Survey of Income and Program Participation
- Option 6: Collect information on quasi-liquid pensions, life insurance, other assets (jewelry, cemetery plots, art, collections), and other secured debt, which will provide a comprehensiveness of assets and liabilities accounting equal to that of the SCF.
- Option 7: Revise the imputation method used to fill in for item nonresponse to provide more accurate estimates when data are missing.
- Option 8: Increase the number of response brackets, narrow the width of each bracket, and raise the top code of asset brackets to allow respondents to give more accurate responses when they are unable to give an exact value of their asset (or liability).
- Option 9: Collect data on legal (citizenship and refugee) status more than once during the SIPP panel to allow for examination of how assets and liabilities change with immigrant status.
Panel Study of Income Dynamics
- Option 10: Link PSID data with administrative data (e.g., data from the Social Security Administration and Internal Revenue Service) to obtain information on individuals' earnings histories, contributions to retirement savings accounts (e.g., 401(k) and 403(b) accounts), and contributions to the Social Security system, as the SIPP and HRS currently do.
- Option 11: Add questions about business equity and other assets to the wealth section, which would strengthen PSID's ability to capture net worth across the entire wealth distribution.
Survey of Consumer Finances
- Option 12: Link SCF data with administrative data (e.g., data from the Social Security Administration, Internal Revenue Service, and Employer Pension Study).

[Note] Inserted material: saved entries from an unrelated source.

Lemma smooth_on_comp_iter h n : smooth_on (ball0 rho1) h ->
  smooth_on (ball0 rho1) (fun x => h (Nat.iter n s x)).
Proof.
intros Hh. apply smooth_on_comp with (ball0 rho1); auto using iter_maps_ball, open_ball0.
induction n as [|n IHn]; [apply smooth_on_id, open_ball0|].
change (smooth_on (ball0 rho1) (fun x => s (Nat.iter n s x))).
apply smooth_on_comp with (ball0 rho1); auto using iter_maps_ball, open_ball0.
Qed.

Section Iterates.

Variable h : R -> R.
Hypothesis h_smooth : smooth_on (ball0 rho1) h.

(* D^j(h o s^(n+1)) is bounded by sup |D^j(h o s^n)| (as |s'| <= 1) plus C times the
   O(2^n) lower derivatives, so a bound K' 2^n propagates from n to n + 1. *)
Lemma Derive_n_comp_iter_top_bound j K : 0 <= K ->
  (forall i n, (i < j)%nat ->
     abs_bounded_on rho (Derive_n (fun x => h (Nat.iter n s x)) i) (K * 2 ^ n)) ->
  exists K', 0 <= K' /\
    forall n, abs_bounded_on rho (Derive_n (fun x => h (Nat.iter n s x)) j) (K' * 2 ^ n).
Proof.
intros HK Hlow.
destruct (Derive_n_comp_mul_bound j (fun _ => 1) 1) as [C [HC Hcomp]].
{ apply smooth_on_const. }
{ intros y _. rewrite Rabs_R1. lra. }
destruct (Derive_n_bounded_on_closed_ball rho rho1 h j rho_lt h_smooth) as [B [HB HhB]].
assert (HCK : 0 <= C * K) by now apply Rmult_le_pos.
exists (B + C * K); split; [lra|].
induction n as [|n IHn]; intros x Hx.
- change (Rabs (Derive_n h j x) <= (B + C * K) * 1). pose proof (HhB x Hx). lra.
- rewrite (Derive_n_ext _ (fun y => h (Nat.iter n s (s y)) * 1))
    by (intro t; rewrite Nat.iter_succ_r; ring).
  assert (Hstep := Hcomp (fun y => h (Nat.iter n s y)) ((B + C * K) * 2 ^ n) (K * 2 ^ n)
    (smooth_on_comp_iter h n h_smooth) IHn (fun i Hi => Hlow i n Hi) x Hx).
  pose proof (pow_le 2 n ltac:(lra)).
  assert (C * (K * 2 ^ n) <= (B + C * K) * 2 ^ n) by nra.
  simpl pow. lra.
Qed.
Lemma psym_prod_window lo hi b c d : (lo <= c)%N -> (c + d <= hi)%N ->
  (forall j, (lo <= j < hi)%N -> (j < c)%N || (c + d <= j)%N -> psym (idx j) b = 1) ->
  psym_prod lo hi b = \prod_(j <- iota c d) psym (idx j) b.
Proof. exact: big_nat_window. Qed.

Ltac psym_far_tac :=
  let j := fresh "j" in
  intro j; intros; case: (leqP j n) => ?;
    [rewrite idx_le; last lia | rewrite idx_ge; last lia]; apply: psym_far; lia.

Lemma psym_prod_far_low lo hi b : (1 <= lo)%N -> (hi < b <= n)%N -> psym_prod lo hi b = 1.
Proof. move=> lo1 hb; rewrite /psym_prod big_nat_cond big1 //; psym_far_tac. Qed.

Lemma psym_prod_far_high lo hi b : (1 <= b <= n)%N -> ((2 * n - b).+1 < lo)%N ->
  (hi <= 2 * n)%N -> psym_prod lo hi b = 1.
Proof. move=> hb hlo hhi; rewrite /psym_prod big_nat_cond big1 //; psym_far_tac. Qed.

Lemma psym_prod_adj k b : (1 <= k < b)%N -> (b < n)%N -> psym_prod k b b = q^-1.
Proof.
move=> hk hb; rewrite (psym_prod_window (c := b.-1) (d := 1)); [|lia|lia|psym_far_tac].
by rewrite /= big_seq1 idx_le ?psym_pred //; lia.
Qed.

Lemma psym_prod_adjn k : (1 <= k < n)%N -> psym_prod k n n = q ^- 2.
Proof.
move=> hk; rewrite (psym_prod_window (c := n.-1) (d := 1)); [|lia|lia|psym_far_tac].
by rewrite /= big_seq1 idx_le ?psym_predn //; lia.
Qed.

Lemma psym_prod_mirror lo hi b : (n <= lo <= hi)%N -> (hi <= 2 * n)%N ->
  psym_prod lo hi b = psym_prod (2 * n - hi).+1 (2 * n - lo).+1 b.
Proof.
case/andP=> nlo; elim: hi => [|h IH] lohi hi2n; first by rewrite /psym_prod !big_geq //; lia.
case: (ltngtP lo h.+1) => [loh|?|<-]; [|lia|by rewrite /psym_prod !big_geq //; lia].
rewrite /psym_prod big_nat_recr /=; last lia.
rewrite (@big_ltn _ _ _ (2 * n - h.+1).+1); last lia.
rewrite -!/(psym_prod _ _ b) IH; [|lia..].
rewrite (_ : (2 * n - h.+1).+1 = 2 * n - h)%N; last lia.
by rewrite mulrC (idx_ge (j := h)) ?idx_le //; lia.
Qed.

Lemma psym_prod_mirror_adj lo m b : (1 <= b < n)%N -> (lo + b = (2 * n).+1)%N ->
  (lo <= m < 2 * n)%N -> psym_prod lo m.+1 b = q^-1.
Proof.
move=> hb hlo hm; rewrite psym_prod_mirror; [|lia..].
by rewrite (_ : (2 * n - lo).+1 = b)%N ?psym_prod_adj //; lia.
Qed.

- Option 13: Add more low-income households to the SCF sample to allow for analyses of asset holdings of low-income subgroups such as racial groups or high school dropouts.
- Option 14: Decrease the lower limit of inter vivos transfer in the SCF to allow for more accurate examination of inter-family transfers and asset accumulation for low-income households.
- Option 15: Collect data as a panel that includes at least two or three waves (i.e., points of data collection), which would provide the information needed to study portfolio changes.